From the same reference as above, modified somewhat. All of the acylated material from the previous step was dissolved in 150 ml of H2O at 0-5 C. To this clear yellow solution was added dropwise 40g of Bromine with stirring, keeping temp below 5 C. The solution was allowed to stir at 0-5 C for 1 hour, then allowed to come to room temp. About 10g sodium bisulfite in 30 ml H2O was then added to remove excess bromine. The solution was brought to neutral pH using 40% NaOH, keeping the temp below 30 C. The solution was allowed to stir overnight (~12 hr) at 50 C, and a light tan precipitate formed. The solution was then made basic by the addition of 40% NaOH, and allowed to stir for an additional 3 hr at 50 C. The light tan precipitate was collected by vacuum filtration, washed well with water, and air dried. Recrystallization from ethanol and water gave a beige solid that weighed 16.25g (61% yield overall). mp 86-88 C; IR(KBr) 3414, 1450, 1412, 1315, 1091, 798, 763, 503 cm-1; 1H NMR (CDCl3) 6.44-7.73(m, 5H, aromatic protons), 8.08(s, 1H, NH).

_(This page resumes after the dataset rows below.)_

(* If $h=1/p$, then for any weight matrix $V\in\mathbb{R}^{2p\times(d+1)}$, $\lVert\nabla^2_VL\rVert_{op}\le 5pL(V)$.
   Context: Huberized ReLU with bandwidth $h$: $\phi(z)=0$ for $z<0$, $z^2/(2h)$ for $z\in[0,h]$, $z-h/2$ for $z>h$; $\phi'(z)=0$ for $z<0$, $z/h$ on $[0,h]$, $1$ for $z>h$; weak second derivative $\gamma(z)=1/h$ for $z\in[0,h]$ and $0$ otherwise. Data $(x_1,y_1),\ldots,(x_n,y_n)$ with $x_s\in\mathbb{R}^{d+1}$, $\lVert x_s\rVert=1$, $y_s\in\{-1,1\}$. For $V$ with rows $v_1,\ldots,v_{2p}$ and fixed $u_1=\cdots=u_p=1$, $u_{p+1}=\cdots=u_{2p}=-1$: $f_V(x)=\sum_{i=1}^{2p}u_i\phi(v_i\cdot x)$, $L(V)=\frac1n\sum_s\ln(1+\exp(-y_sf_V(x_s)))$. The weak Hessian $\nabla^2_VL$ is the block matrix with blocks, for $i\ne j$, $\frac{u_iu_j}{n}\sum_s\frac{\phi'(v_i\cdot x_s)\phi'(v_j\cdot x_s)e^{y_sf_V(x_s)}}{(1+e^{y_sf_V(x_s)})^2}x_sx_s^\top$ and, for $i=j$, $\frac1n\sum_s\Big[\frac{-u_i\gamma(v_i\cdot x_s)y_s}{1+e^{y_sf_V(x_s)}}+\frac{\phi'(v_i\cdot x_s)^2e^{y_sf_V(x_s)}}{(1+e^{y_sf_V(x_s)})^2}\Big]x_sx_s^\top$. $\lVert\cdot\rVert_{op}$ is the operator norm. *)

From HB Require Import structures.
From mathcomp Require Import all_boot all_order all_algebra.
From mathcomp Require Import all_classical all_reals all_analysis.
Set Implicit Arguments. Unset Strict Implicit. Unset Printing Implicit Defensive.
Import Order.TTheory GRing.Theory Num.Theory.
Local Open Scope ring_scope.

Section Defs.
Variable R : realType.

Definition hrelu (h z : R) : R :=
  if z < 0 then 0 else if z <= h then z ^+ 2 / (2 * h) else z - h / 2.
Definition hrelu' (h z : R) : R :=
  if z < 0 then 0 else if z <= h then z / h else 1.
Definition hgamma (h z : R) : R :=
  if (0 <= z) && (z <= h) then 1 / h else 0.

(* fixed output weights: u_i = 1 for i < p, -1 otherwise (i : 'I_(2p)) *)
Definition uw (p : nat) (i : 'I_(2 * p)) : R := if (i < p)%N then 1 else -1.

Definition dotv (p d : nat) (V : 'M[R]_(2 * p, d.+1)) (i : 'I_(2 * p))
  (x : 'rV[R]_(d.+1)) : R := \sum_(a < d.+1) V i a * x 0 a.

Definition fV (h : R) (p d : nat) (V : 'M[R]_(2 * p, d.+1)) (x : 'rV[R]_(d.+1)) : R :=
  \sum_(i < 2 * p) uw i * hrelu h (dotv V i x).

Definition lossL (h : R) (n p d : nat) (x : 'I_n -> 'rV[R]_(d.+1)) (y : 'I_n -> R)
  (V : 'M[R]_(2 * p, d.+1)) : R :=
  n%:R^-1 * \sum_(s < n) ln (1 + expR (- (y s * fV h V (x s)))).

Definition hess_block (h : R) (n p d : nat) (x : 'I_n -> 'rV[R]_(d.+1))
  (y : 'I_n -> R) (V : 'M[R]_(2 * p, d.+1)) (i j : 'I_(2 * p)) : 'M[R]_(d.+1) :=
  let E s := expR (y s * fV h V (x s)) in
  if i != j then
    (uw i * uw j / n%:R) *:
      \sum_(s < n) ((hrelu' h (dotv V i (x s)) * hrelu' h (dotv V j (x s))
                      * E s / (1 + E s) ^+ 2) *: ((x s)^T *m x s))
  else
    n%:R^-1 *:
      \sum_(s < n) ((- uw i * hgamma h (dotv V i (x s)) * y s / (1 + E s)
                     + hrelu' h (dotv V i (x s)) ^+ 2 * E s / (1 + E s) ^+ 2)
                     *: ((x s)^T *m x s)).

Definition block_apply (p d : nat) (H : 'I_(2 * p) -> 'I_(2 * p) -> 'M[R]_(d.+1))
  (W : 'M[R]_(2 * p, d.+1)) : 'M[R]_(2 * p, d.+1) :=
  \matrix_(i, a) \sum_(j < 2 * p) \sum_(b < d.+1) H i j a b * W j b.

Definition euclid (m k : nat) (W : 'M[R]_(m, k)) : R :=
  Num.sqrt (\sum_(i < m) \sum_(a < k) W i a ^+ 2).

Definition op_norm (p d : nat) (H : 'I_(2 * p) -> 'I_(2 * p) -> 'M[R]_(d.+1)) : R :=
  sup [set r : R | exists W : 'M[R]_(2 * p, d.+1),
                     euclid W = 1 /\ r = euclid (block_apply H W)].

End Defs.

From HB Require Import structures.
From mathcomp Require Import all_boot all_order all_algebra.
From mathcomp Require Import all_classical all_reals all_analysis.
From mathcomp Require Import ring lra.

(* For a sample s with margin m_s = y_s f_V(x_s), the (i, j) block of the Hessian is
   n^-1 C_s(i, j) x_s^T x_s summed over s, where
   C_s = l''(m_s) g_s^T g_s + diag(delta_s) is a rank-one term built from the row
   g_s(i) = u_i phi'(v_i . x_s) plus a diagonal term coming from the weak second
   derivative gamma <= 1/h, and l(m) = ln (1 + e^-m) is the logistic loss.  Such a
   Kronecker sum maps W to n^-1 sum_s C_s W x_s^T x_s.  Using the Frobenius norm,
   |x_s| = 1, |g_s|^2 <= 2p, |delta_s(i)| <= |l'(m_s)| / h and l'' <= |l'| <= l, each
   sample contributes at most (2p + 1/h) l(m_s); for h = 1/p this is 3p L(V). *)
Set Implicit Arguments. Unset Strict Implicit. Unset Printing Implicit Defensive.
Import Order.TTheory GRing.Theory Num.Theory.
Local Open Scope ring_scope.

Section FrobeniusNorm.
Variable R : realType.

Lemma cauchy_schwarz (T : finType) (f g : T -> R) :
  (\sum_t f t * g t) ^+ 2 <= (\sum_t f t ^+ 2) * (\sum_t g t ^+ 2).
Proof.
have amgm i j :
    f i * g i * (f j * g j) <= (f i ^+ 2 * g j ^+ 2 + f j ^+ 2 * g i ^+ 2) / 2.
  by rewrite ler_pdivlMr // -subr_ge0; have := sqr_ge0 (f i * g j - f j * g i); nra.
rewrite expr2 mulr_suml; under eq_bigr do rewrite mulr_sumr.
apply: le_trans (_ : _ <= \sum_i \sum_j (f i ^+ 2 * g j ^+ 2 + f j ^+ 2 * g i ^+ 2) / 2) _.
  by apply: ler_sum => i _; apply: ler_sum => j _; exact: amgm.
under eq_bigr do rewrite -mulr_suml big_split /=.
rewrite -mulr_suml big_split /= [X in _ + X]exchange_big /= -mulr2n.
rewrite -[X in X / 2]mulr_natr mulfK //.
by rewrite mulr_suml; apply: ler_sum => i _; rewrite mulr_sumr.
Qed.

Lemma euclid_ge0 m k (A : 'M[R]_(m, k)) : 0 <= euclid A.
Proof. exact: sqrtr_ge0. Qed.

Lemma sqr_euclid m k (A : 'M[R]_(m, k)) : euclid A ^+ 2 = \sum_i \sum_a A i a ^+ 2.
Proof.
by rewrite sqr_sqrtr // sumr_ge0 // => i _; rewrite sumr_ge0 // => a _; exact: sqr_ge0.
Qed.

Lemma euclid_le m k (A : 'M[R]_(m, k)) c :
  0 <= c -> \sum_i \sum_a A i a ^+ 2 <= c ^+ 2 -> euclid A <= c.
Proof. by move=> c0 H; rewrite -(ger0_norm c0) -sqrtr_sqr ler_sqrt // sqr_ge0. Qed.

Lemma ler_euclid_mulmx m k l (A : 'M[R]_(m, k)) (B : 'M[R]_(k, l)) :
  euclid (A *m B) <= euclid A * euclid B.
Proof.
apply: euclid_le; first by rewrite mulr_ge0 ?euclid_ge0.
rewrite exprMn !sqr_euclid [X in _ <= _ * X]exchange_big mulr_suml.
apply: ler_sum => i _; rewrite mulr_sumr; apply: ler_sum => c _; rewrite mxE.
exact: cauchy_schwarz.
Qed.

Lemma ler_euclidD m k (A B : 'M[R]_(m, k)) : euclid (A + B) <= euclid A + euclid B.
Proof.
apply: euclid_le; first by rewrite addr_ge0 ?euclid_ge0.
have cs : (\sum_i \sum_a A i a * B i a) ^+ 2 <= (euclid A * euclid B) ^+ 2.
  by rewrite exprMn !sqr_euclid !pair_bigA; exact: cauchy_schwarz.
under eq_bigr do under eq_bigr do rewrite mxE sqrrD.
rewrite sqrrD !sqr_euclid; under eq_bigr do rewrite !big_split /=.
rewrite !big_split /= -mulr2n lerD2r lerD2l lerMn2r /=.
have := mulr_ge0 (euclid_ge0 A) (euclid_ge0 B); nra.
Qed.

Lemma ler_euclid_sum m k (I : Type) (r : seq I) (F : I -> 'M[R]_(m, k)) :
  euclid (\sum_(s <- r) F s) <= \sum_(s <- r) euclid (F s).
Proof.
elim: r => [|s r IH]; rewrite ?big_nil ?big_cons.
  apply: euclid_le => //; rewrite expr0n big1 // => i _.
  by rewrite big1 // => a _; rewrite mxE expr0n.
by apply: le_trans (ler_euclidD _ _) _; rewrite lerD2l.
Qed.

Lemma euclidZ m k c (A : 'M[R]_(m, k)) : euclid (c *: A) = `|c| * euclid A.
Proof.
rewrite -sqrtr_sqr -sqrtrM ?sqr_ge0 // /euclid mulr_sumr.
congr Num.sqrt; apply: eq_bigr => i _; rewrite mulr_sumr.
by apply: eq_bigr => a _; rewrite mxE exprMn.
Qed.

Lemma euclid_trmx m k (A : 'M[R]_(m, k)) : euclid A^T = euclid A.
Proof.
rewrite /euclid exchange_big; congr Num.sqrt.
by apply: eq_bigr => a _; apply: eq_bigr => i _; rewrite mxE.
Qed.

Lemma ler_euclid_diag_mulmx m k (u : 'rV[R]_m) (A : 'M[R]_(m, k)) c :
  0 <= c -> (forall i, `|u 0 i| <= c) -> euclid (diag_mx u *m A) <= c * euclid A.
Proof.
move=> c0 uc; apply: euclid_le; first by rewrite mulr_ge0 ?euclid_ge0.
rewrite exprMn sqr_euclid mulr_sumr; apply: ler_sum => i _.
rewrite mulr_sumr; apply: ler_sum => a _; rewrite mul_diag_mx mxE exprMn.
by rewrite ler_wpM2r ?sqr_ge0 // -real_normK ?num_real // lerXn2r ?nnegrE.
Qed.

End FrobeniusNorm.

Lemma block_apply_kron (R : realType) p d (I : finType)
    (C : I -> 'M[R]_(2 * p)) (M : I -> 'M[R]_d.+1) (W : 'M[R]_(2 * p, d.+1)) :
  block_apply (fun i j => \sum_s C s i j *: M s) W = \sum_s C s *m W *m (M s)^T.
Proof.
apply/matrixP => i a; rewrite !mxE summxE.
under eq_bigr do under eq_bigr do rewrite summxE mulr_suml.
under eq_bigr do rewrite exchange_big.
rewrite exchange_big; apply: eq_bigr => s _; rewrite exchange_big mxE.
apply: eq_bigr => b _; rewrite !mxE mulr_suml; apply: eq_bigr => j _.
by rewrite !mxE mulrAC.
Qed.

Lemma op_norm_le (R : realType) p d (H : 'I_(2 * p) -> 'I_(2 * p) -> 'M[R]_d.+1) c :
  0 <= c -> (forall W, euclid W = 1 -> euclid (block_apply H W) <= c) -> op_norm H <= c.
Proof.
move=> c0 Hc; rewrite /op_norm; set S := (X in sup X).
have [->|/set0P S0] := eqVneq S set0; first by rewrite sup0.
by apply: ge_sup => // r [W [W1 ->]]; exact: Hc.
Qed.

Section Logistic.
Variable R : realType.

Definition logistic_slope (m : R) := (1 + expR m)^-1.
Definition logistic_curv (m : R) := expR m / (1 + expR m) ^+ 2.

Lemma logistic_slope_ge0 m : 0 <= logistic_slope m.
Proof. by rewrite invr_ge0 addr_ge0 ?expR_ge0. Qed.

Lemma logistic_curv_ge0 m : 0 <= logistic_curv m.
Proof. by rewrite divr_ge0 ?expR_ge0 ?sqr_ge0. Qed.

Lemma logistic_curv_le_slope m : logistic_curv m <= logistic_slope m.
Proof.
have E1 : 0 < 1 + expR m by rewrite addr_gt0 ?expR_gt0.
rewrite /logistic_curv /logistic_slope expr2 invfM mulrA ler_piMl ?invr_ge0 ?ltW //.
by rewrite ltr_pdivrMr // mul1r ltrDr.
Qed.

Lemma logistic_slope_le_loss m : logistic_slope m <= ln (1 + expR (- m)).
Proof.
set r := logistic_slope m.
have r0 : 0 < r by rewrite invr_gt0 addr_gt0 ?expR_gt0.
have r1 : r < 1 by rewrite invf_lt1 ?addr_gt0 ?expR_gt0 // ltrDl expR_gt0.
have -> : 1 + expR (- m) = (1 - r)^-1.
  rewrite /r /logistic_slope expRN; field.
  by rewrite gt_eqF ?expR_gt0 // addrAC subrr add0r gt_eqF ?expR_gt0.
by rewrite lnV ?posrE ?subr_gt0 // lerNr le_ln1Dx // ltrN2.
Qed.

End Logistic.

Section Activation.
Variable R : realType.

Lemma norm_hrelu'_le1 (h z : R) : 0 < h -> `|hrelu' h z| <= 1.
Proof.
move=> h0; rewrite /hrelu'; case: ltP => z0; first by rewrite normr0 ler01.
case: ifP => zh; last by rewrite normr1.
by rewrite ger0_norm ?divr_ge0 ?(ltW h0) // ler_pdivrMr // mul1r.
Qed.

Lemma norm_hgamma_le (h z : R) : 0 < h -> `|hgamma h z| <= h^-1.
Proof.
move=> h0; rewrite /hgamma; case: ifP => _; last by rewrite normr0 invr_ge0 ltW.
by rewrite div1r ger0_norm // invr_ge0 ltW.
Qed.

Lemma normr_uw p (i : 'I_(2 * p)) : `|uw R i| = 1.
Proof. by rewrite /uw; case: ifP; rewrite ?normrN normr1. Qed.

Lemma sqr_uw p (i : 'I_(2 * p)) : uw R i ^+ 2 = 1.
Proof. by rewrite -real_normK ?num_real // normr_uw expr1n. Qed.

End Activation.

Section Hessian.
Variables (R : realType) (n p d : nat) (x : 'I_n -> 'rV[R]_d.+1) (y : 'I_n -> R).
Variables (V : 'M[R]_(2 * p, d.+1)) (h : R).

Definition margin s := y s * fV h V (x s).

Definition act_row s : 'rV[R]_(2 * p) := \row_i (uw R i * hrelu' h (dotv V i (x s))).

Definition hess_diag_row s : 'rV[R]_(2 * p) :=
  \row_i (- uw R i * hgamma h (dotv V i (x s)) * y s * logistic_slope (margin s)).

Definition hess_coef s : 'M[R]_(2 * p) :=
  logistic_curv (margin s) *: ((act_row s)^T *m act_row s) + diag_mx (hess_diag_row s).

Lemma lossL_ge0 : 0 <= lossL h x y V.
Proof.
rewrite mulr_ge0 ?invr_ge0 ?ler0n // sumr_ge0 // => s _.
by rewrite ln_ge0 // lerDl expR_ge0.
Qed.

Lemma hess_blockE :
  hess_block h x y V = fun i j => \sum_s (n%:R^-1 *: hess_coef s) i j *: ((x s)^T *m x s).
Proof.
apply/funext => i; apply/funext => j; rewrite /hess_block /=.
have [<-|ij] := eqVneq i j; rewrite /= scaler_sumr; apply: eq_bigr => s _.
  rewrite scalerA !mxE big_ord1 !mxE eqxx /= mulr1n; congr (_ *: _); congr (_ * _).
  have u2 := sqr_uw R i; rewrite /logistic_curv /logistic_slope /margin.
  set u := uw R i in u2 *; set a := hrelu' _ _.
  have -> : u * a * (u * a) = a ^+ 2 * u ^+ 2 by ring.
  by rewrite u2; ring.
rewrite scalerA !mxE big_ord1 !mxE (negbTE ij) mulr0n addr0; congr (_ *: _).
by rewrite /logistic_curv /margin; ring.
Qed.

Lemma block_apply_hess W :
  block_apply (hess_block h x y V) W =
  n%:R^-1 *: \sum_s hess_coef s *m (W *m ((x s)^T *m x s)).
Proof.
rewrite hess_blockE block_apply_kron scaler_sumr; apply: eq_bigr => s _.
by rewrite trmx_mul trmxK -!scalemxAl mulmxA.
Qed.

Hypothesis h_gt0 : 0 < h.
Hypothesis y_le1 : forall s, `|y s| <= 1.

Lemma ler_euclid_hess_coef_mulmx s (Y : 'M[R]_(2 * p, d.+1)) :
  euclid (hess_coef s *m Y) <=
  ((2 * p)%:R * logistic_curv (margin s) + h^-1 * logistic_slope (margin s)) * euclid Y.
Proof.
have act1 : euclid (act_row s) ^+ 2 <= (2 * p)%:R.
  rewrite sqr_euclid big_ord1; apply: le_trans (_ : _ <= \sum_(i < 2 * p) 1) _.
    apply: ler_sum => i _; rewrite /act_row mxE exprMn sqr_uw mul1r -real_normK ?num_real //.
    by rewrite expr_le1 ?norm_hrelu'_le1.
  by rewrite sumr_const card_ord.
have curv1 i : `|hess_diag_row s 0 i| <= h^-1 * logistic_slope (margin s).
  rewrite mxE !normrM normrN normr_uw mul1r (ger0_norm (logistic_slope_ge0 _)).
  rewrite ler_wpM2r ?logistic_slope_ge0 //.
  by rewrite -[X in _ <= X]mulr1 ler_pM ?norm_hgamma_le.
rewrite mulmxDl mulrDl; apply: le_trans (ler_euclidD _ _) _; apply: lerD.
  rewrite -scalemxAl euclidZ ger0_norm ?logistic_curv_ge0 //.
  rewrite [X in _ <= X]mulrAC [X in _ <= X]mulrC ler_wpM2l ?logistic_curv_ge0 //.
  rewrite -mulmxA; apply: le_trans (ler_euclid_mulmx _ _) _; rewrite euclid_trmx.
  apply: le_trans (ler_wpM2l (euclid_ge0 _) (ler_euclid_mulmx _ _)) _.
  by rewrite mulrA -expr2 ler_wpM2r ?euclid_ge0.
by rewrite ler_euclid_diag_mulmx ?mulr_ge0 ?invr_ge0 ?ltW ?logistic_slope_ge0.
Qed.

Lemma op_norm_hess_le : (forall s, euclid (x s) = 1) ->
  op_norm (hess_block h x y V) <= ((2 * p)%:R + h^-1) * lossL h x y V.
Proof.
move=> x1; have hinv0 : 0 <= h^-1 by rewrite invr_ge0 ltW.
have c0 : 0 <= (2 * p)%:R + h^-1 by rewrite addr_ge0 ?ler0n.
apply: op_norm_le => [|W W1]; first exact: mulr_ge0 c0 lossL_ge0.
rewrite block_apply_hess euclidZ ger0_norm // /lossL mulrCA ler_wpM2l // mulr_sumr.
apply: le_trans (ler_euclid_sum _ _) _; apply: ler_sum => s _.
have Y1 : euclid (W *m ((x s)^T *m x s)) <= 1.
  apply: le_trans (ler_euclid_mulmx _ _) _; rewrite W1 mul1r.
  by apply: le_trans (ler_euclid_mulmx _ _) _; rewrite euclid_trmx x1 mulr1.
apply: le_trans (ler_euclid_hess_coef_mulmx _ _) _.
have slope_le := logistic_slope_le_loss (margin s).
have curv_le := le_trans (logistic_curv_le_slope (margin s)) slope_le.
apply: le_trans (ler_wpM2l _ Y1) _.
  by apply: addr_ge0; apply: mulr_ge0; rewrite ?ler0n ?logistic_curv_ge0 ?logistic_slope_ge0.
by rewrite mulr1 mulrDl lerD // ler_wpM2l ?ler0n.
Qed.

End Hessian.

Theorem lemma2 (R : realType) (n p d : nat) (x : 'I_n -> 'rV[R]_(d.+1))
  (y : 'I_n -> R) (V : 'M[R]_(2 * p, d.+1)) :
  (0 < p)%N ->
  (forall s, \sum_(a < d.+1) x s 0 a ^+ 2 = 1) ->
  (forall s, y s = 1 \/ y s = -1) ->
  op_norm (hess_block (p%:R^-1) x y V)
    <= 5 * p%:R * lossL (p%:R^-1) x y V.
Proof.
move=> p_gt0 x1 y1.
have h_gt0 : 0 < p%:R^-1 :> R by rewrite invr_gt0 ltr0n.
have y_le1 s : `|y s| <= 1 by case: (y1 s) => ->; rewrite ?normrN normr1.
have x_unit s : euclid (x s) = 1 by rewrite /euclid big_ord1 x1 sqrtr1.
apply: le_trans (op_norm_hess_le V h_gt0 y_le1 x_unit) _.
rewrite invrK ler_wpM2r ?lossL_ge0 //.
by rewrite natrM; have := ler0n R p; lra.
Qed.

We further took this 5-bromo indole and used it to prepare 5-cyano indole, using cuprous cyanide in N-methyl-pyrrolidinone. This is also a very good way to introduce a 5-methoxy group into an indole, or possibly any number of other substituents. We were also preparing 5-aryl indoles and tryptamines using the 5-bromo indole, by way of palladium catalyzed coupling of indole 5-boronic acid.
We also attempted to prepare 5-cyano tryptamine by reaction of 5-CN indole with acetyl chloride/SnCl4 to give 3-acetyl-5-CN indole, brominating this to give the bromoacetyl compound, and then reacting this with ammonia in a parr bomb, followed by reduction. The first two steps went fine, but when the bromo compound was reacted with ammonia, the product was not the desired one, but rather 2,5-bis(5'-cyano-3'-indolyl)pyrazine. When the bromoacetyl compound was reacted with dipropylamine instead of ammonia, the dipropylaminoacetyl-5-CN-indole was isolated in acceptable yields.
The 5-cyano indole was also used to prepare 5-cyano tryptamine by an interesting method that I have not seen much use of in the literature. The oxalyl chloride method was not viable because LAH would have reduced the cyano group. Thus the indole was reacted with acrylic acid to give the indole 3-propionic acid. This was then transformed into the final tryptamine as in Synth. Comm. 23, 1103, '91.